Every record here needs to be written out again exactly.

(Beginning of Extracted data)

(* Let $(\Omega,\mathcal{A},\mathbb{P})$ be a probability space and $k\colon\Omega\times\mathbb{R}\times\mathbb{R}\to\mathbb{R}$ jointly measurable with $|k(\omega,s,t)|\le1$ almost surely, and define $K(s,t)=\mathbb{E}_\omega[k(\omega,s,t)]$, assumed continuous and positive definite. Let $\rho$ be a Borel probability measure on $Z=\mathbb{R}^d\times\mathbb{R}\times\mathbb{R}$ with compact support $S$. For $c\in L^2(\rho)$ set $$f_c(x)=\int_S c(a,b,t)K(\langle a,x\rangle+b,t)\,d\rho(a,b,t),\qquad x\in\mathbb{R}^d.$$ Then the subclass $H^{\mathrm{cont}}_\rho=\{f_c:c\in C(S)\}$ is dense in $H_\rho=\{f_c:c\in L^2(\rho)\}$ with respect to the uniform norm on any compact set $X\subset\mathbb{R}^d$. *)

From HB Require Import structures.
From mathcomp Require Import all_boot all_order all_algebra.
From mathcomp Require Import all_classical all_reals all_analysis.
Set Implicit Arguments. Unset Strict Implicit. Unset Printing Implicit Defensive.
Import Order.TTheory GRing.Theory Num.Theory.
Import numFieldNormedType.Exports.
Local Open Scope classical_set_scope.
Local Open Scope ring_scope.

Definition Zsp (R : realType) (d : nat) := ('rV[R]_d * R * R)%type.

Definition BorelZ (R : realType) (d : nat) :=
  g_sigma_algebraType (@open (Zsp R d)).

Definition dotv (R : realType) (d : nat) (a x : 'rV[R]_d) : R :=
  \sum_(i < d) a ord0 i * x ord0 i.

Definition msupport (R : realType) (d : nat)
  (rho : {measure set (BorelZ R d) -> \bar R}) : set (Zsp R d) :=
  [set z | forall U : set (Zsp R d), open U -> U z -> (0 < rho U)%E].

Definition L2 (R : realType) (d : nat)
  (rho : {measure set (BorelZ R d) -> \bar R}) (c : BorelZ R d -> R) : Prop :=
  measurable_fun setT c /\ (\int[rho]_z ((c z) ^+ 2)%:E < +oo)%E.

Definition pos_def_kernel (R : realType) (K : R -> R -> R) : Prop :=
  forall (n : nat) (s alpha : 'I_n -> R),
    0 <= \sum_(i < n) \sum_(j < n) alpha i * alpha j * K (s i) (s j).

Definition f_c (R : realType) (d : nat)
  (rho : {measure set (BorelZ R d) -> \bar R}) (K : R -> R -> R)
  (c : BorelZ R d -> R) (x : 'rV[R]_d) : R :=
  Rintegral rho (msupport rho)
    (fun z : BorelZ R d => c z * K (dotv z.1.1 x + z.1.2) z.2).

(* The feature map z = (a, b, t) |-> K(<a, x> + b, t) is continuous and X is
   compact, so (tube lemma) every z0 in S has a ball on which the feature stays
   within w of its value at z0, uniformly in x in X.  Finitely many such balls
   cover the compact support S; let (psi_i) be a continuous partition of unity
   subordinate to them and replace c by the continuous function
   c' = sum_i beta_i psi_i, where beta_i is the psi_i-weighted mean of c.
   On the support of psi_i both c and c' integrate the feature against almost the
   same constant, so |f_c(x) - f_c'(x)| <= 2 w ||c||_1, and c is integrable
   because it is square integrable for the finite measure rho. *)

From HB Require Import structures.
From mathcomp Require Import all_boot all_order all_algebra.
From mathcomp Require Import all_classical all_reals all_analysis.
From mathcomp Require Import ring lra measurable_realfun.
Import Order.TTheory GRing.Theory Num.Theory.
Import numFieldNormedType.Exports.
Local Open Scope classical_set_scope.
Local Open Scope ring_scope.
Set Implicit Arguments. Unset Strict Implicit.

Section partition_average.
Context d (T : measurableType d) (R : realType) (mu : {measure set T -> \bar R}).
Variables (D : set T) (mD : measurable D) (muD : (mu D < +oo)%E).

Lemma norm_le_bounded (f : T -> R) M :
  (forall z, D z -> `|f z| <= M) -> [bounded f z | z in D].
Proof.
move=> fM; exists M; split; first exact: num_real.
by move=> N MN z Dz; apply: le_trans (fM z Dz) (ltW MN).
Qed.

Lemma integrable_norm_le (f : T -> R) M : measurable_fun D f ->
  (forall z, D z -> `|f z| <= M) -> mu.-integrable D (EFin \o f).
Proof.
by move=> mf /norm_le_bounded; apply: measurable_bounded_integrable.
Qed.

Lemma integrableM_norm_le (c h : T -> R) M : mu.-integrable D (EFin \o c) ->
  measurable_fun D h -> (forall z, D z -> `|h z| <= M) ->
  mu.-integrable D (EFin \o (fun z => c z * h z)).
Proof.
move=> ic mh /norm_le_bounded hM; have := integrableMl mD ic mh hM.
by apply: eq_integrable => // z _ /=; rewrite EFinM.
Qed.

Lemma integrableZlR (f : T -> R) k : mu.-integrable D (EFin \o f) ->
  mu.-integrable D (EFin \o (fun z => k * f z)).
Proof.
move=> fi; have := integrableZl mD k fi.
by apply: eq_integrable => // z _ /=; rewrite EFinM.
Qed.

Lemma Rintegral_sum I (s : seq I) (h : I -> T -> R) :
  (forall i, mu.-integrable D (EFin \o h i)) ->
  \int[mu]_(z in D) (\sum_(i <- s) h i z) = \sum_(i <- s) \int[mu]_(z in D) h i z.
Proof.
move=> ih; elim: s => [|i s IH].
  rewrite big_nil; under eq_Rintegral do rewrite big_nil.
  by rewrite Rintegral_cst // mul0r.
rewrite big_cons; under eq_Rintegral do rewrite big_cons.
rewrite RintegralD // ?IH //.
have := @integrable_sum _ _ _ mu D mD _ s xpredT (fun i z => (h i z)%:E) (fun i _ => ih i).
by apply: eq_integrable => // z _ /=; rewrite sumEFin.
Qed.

(End of Extracted data)

**Solution to this problem:**
(* Let $(\Omega,\mathcal{A},\mathbb{P})$ be a probability space and $k\colon\Omega\times\mathbb{R}\times\mathbb{R}\to\mathbb{R}$ jointly measurable with $|k(\omega,s,t)|\le1$ almost surely, and define $K(s,t)=\mathbb{E}_\omega[k(\omega,s,t)]$, assumed continuous and positive definite. Let $\rho$ be a Borel probability measure on $Z=\mathbb{R}^d\times\mathbb{R}\times\mathbb{R}$ with compact support $S$. For $c\in L^2(\rho)$ set $$f_c(x)=\int_S c(a,b,t)K(\langle a,x\rangle+b,t)\,d\rho(a,b,t),\qquad x\in\mathbb{R}^d.$$ Then the subclass $H^{\mathrm{cont}}_\rho=\{f_c:c\in C(S)\}$ is dense in $H_\rho=\{f_c:c\in L^2(\rho)\}$ with respect to the uniform norm on any compact set $X\subset\mathbb{R}^d$. *)

From HB Require Import structures.
From mathcomp Require Import all_boot all_order all_algebra.
From mathcomp Require Import all_classical all_reals all_analysis.
Set Implicit Arguments. Unset Strict Implicit. Unset Printing Implicit Defensive.
Import Order.TTheory GRing.Theory Num.Theory.
Import numFieldNormedType.Exports.
Local Open Scope classical_set_scope.
Local Open Scope ring_scope.

Definition Zsp (R : realType) (d : nat) := ('rV[R]_d * R * R)%type.

Definition BorelZ (R : realType) (d : nat) :=
  g_sigma_algebraType (@open (Zsp R d)).

Definition dotv (R : realType) (d : nat) (a x : 'rV[R]_d) : R :=
  \sum_(i < d) a ord0 i * x ord0 i.

Definition msupport (R : realType) (d : nat)
  (rho : {measure set (BorelZ R d) -> \bar R}) : set (Zsp R d) :=
  [set z | forall U : set (Zsp R d), open U -> U z -> (0 < rho U)%E].

Definition L2 (R : realType) (d : nat)
  (rho : {measure set (BorelZ R d) -> \bar R}) (c : BorelZ R d -> R) : Prop :=
  measurable_fun setT c /\ (\int[rho]_z ((c z) ^+ 2)%:E < +oo)%E.

Definition pos_def_kernel (R : realType) (K : R -> R -> R) : Prop :=
  forall (n : nat) (s alpha : 'I_n -> R),
    0 <= \sum_(i < n) \sum_(j < n) alpha i * alpha j * K (s i) (s j).

Definition f_c (R : realType) (d : nat)
  (rho : {measure set (BorelZ R d) -> \bar R}) (K : R -> R -> R)
  (c : BorelZ R d -> R) (x : 'rV[R]_d) : R :=
  Rintegral rho (msupport rho)
    (fun z : BorelZ R d => c z * K (dotv z.1.1 x + z.1.2) z.2).

(* The feature map z = (a, b, t) |-> K(<a, x> + b, t) is continuous and X is
   compact, so (tube lemma) every z0 in S has a ball on which the feature stays
   within w of its value at z0, uniformly in x in X.  Finitely many such balls
   cover the compact support S; let (psi_i) be a continuous partition of unity
   subordinate to them and replace c by the continuous function
   c' = sum_i beta_i psi_i, where beta_i is the psi_i-weighted mean of c.
   On the support of psi_i both c and c' integrate the feature against almost the
   same constant, so |f_c(x) - f_c'(x)| <= 2 w ||c||_1, and c is integrable
   because it is square integrable for the finite measure rho. *)

From HB Require Import structures.
From mathcomp Require Import all_boot all_order all_algebra.
From mathcomp Require Import all_classical all_reals all_analysis.
From mathcomp Require Import ring lra measurable_realfun.
Import Order.TTheory GRing.Theory Num.Theory.
Import numFieldNormedType.Exports.
Local Open Scope classical_set_scope.
Local Open Scope ring_scope.
Set Implicit Arguments. Unset Strict Implicit.

Section partition_average.
Context d (T : measurableType d) (R : realType) (mu : {measure set T -> \bar R}).
Variables (D : set T) (mD : measurable D) (muD : (mu D < +oo)%E).

Lemma norm_le_bounded (f : T -> R) M :
  (forall z, D z -> `|f z| <= M) -> [bounded f z | z in D].
Proof.
move=> fM; exists M; split; first exact: num_real.
by move=> N MN z Dz; apply: le_trans (fM z Dz) (ltW MN).
Qed.

Lemma integrable_norm_le (f : T -> R) M : measurable_fun D f ->
  (forall z, D z -> `|f z| <= M) -> mu.-integrable D (EFin \o f).
Proof.
by move=> mf /norm_le_bounded; apply: measurable_bounded_integrable.
Qed.

Lemma integrableM_norm_le (c h : T -> R) M : mu.-integrable D (EFin \o c) ->
  measurable_fun D h -> (forall z, D z -> `|h z| <= M) ->
  mu.-integrable D (EFin \o (fun z => c z * h z)).
Proof.
move=> ic mh /norm_le_bounded hM; have := integrableMl mD ic mh hM.
by apply: eq_integrable => // z _ /=; rewrite EFinM.
Qed.

Lemma integrableZlR (f : T -> R) k : mu.-integrable D (EFin \o f) ->
  mu.-integrable D (EFin \o (fun z => k * f z)).
Proof.
move=> fi; have := integrableZl mD k fi.
by apply: eq_integrable => // z _ /=; rewrite EFinM.
Qed.

Lemma Rintegral_sum I (s : seq I) (h : I -> T -> R) :
  (forall i, mu.-integrable D (EFin \o h i)) ->
  \int[mu]_(z in D) (\sum_(i <- s) h i z) = \sum_(i <- s) \int[mu]_(z in D) h i z.
Proof.
move=> ih; elim: s => [|i s IH].
  rewrite big_nil; under eq_Rintegral do rewrite big_nil.
  by rewrite Rintegral_cst // mul0r.
rewrite big_cons; under eq_Rintegral do rewrite big_cons.
rewrite RintegralD // ?IH //.
have := @integrable_sum _ _ _ mu D mD _ s xpredT (fun i z => (h i z)%:E) (fun i _ => ih i).
by apply: eq_integrable => // z _ /=; rewrite sumEFin.
Qed.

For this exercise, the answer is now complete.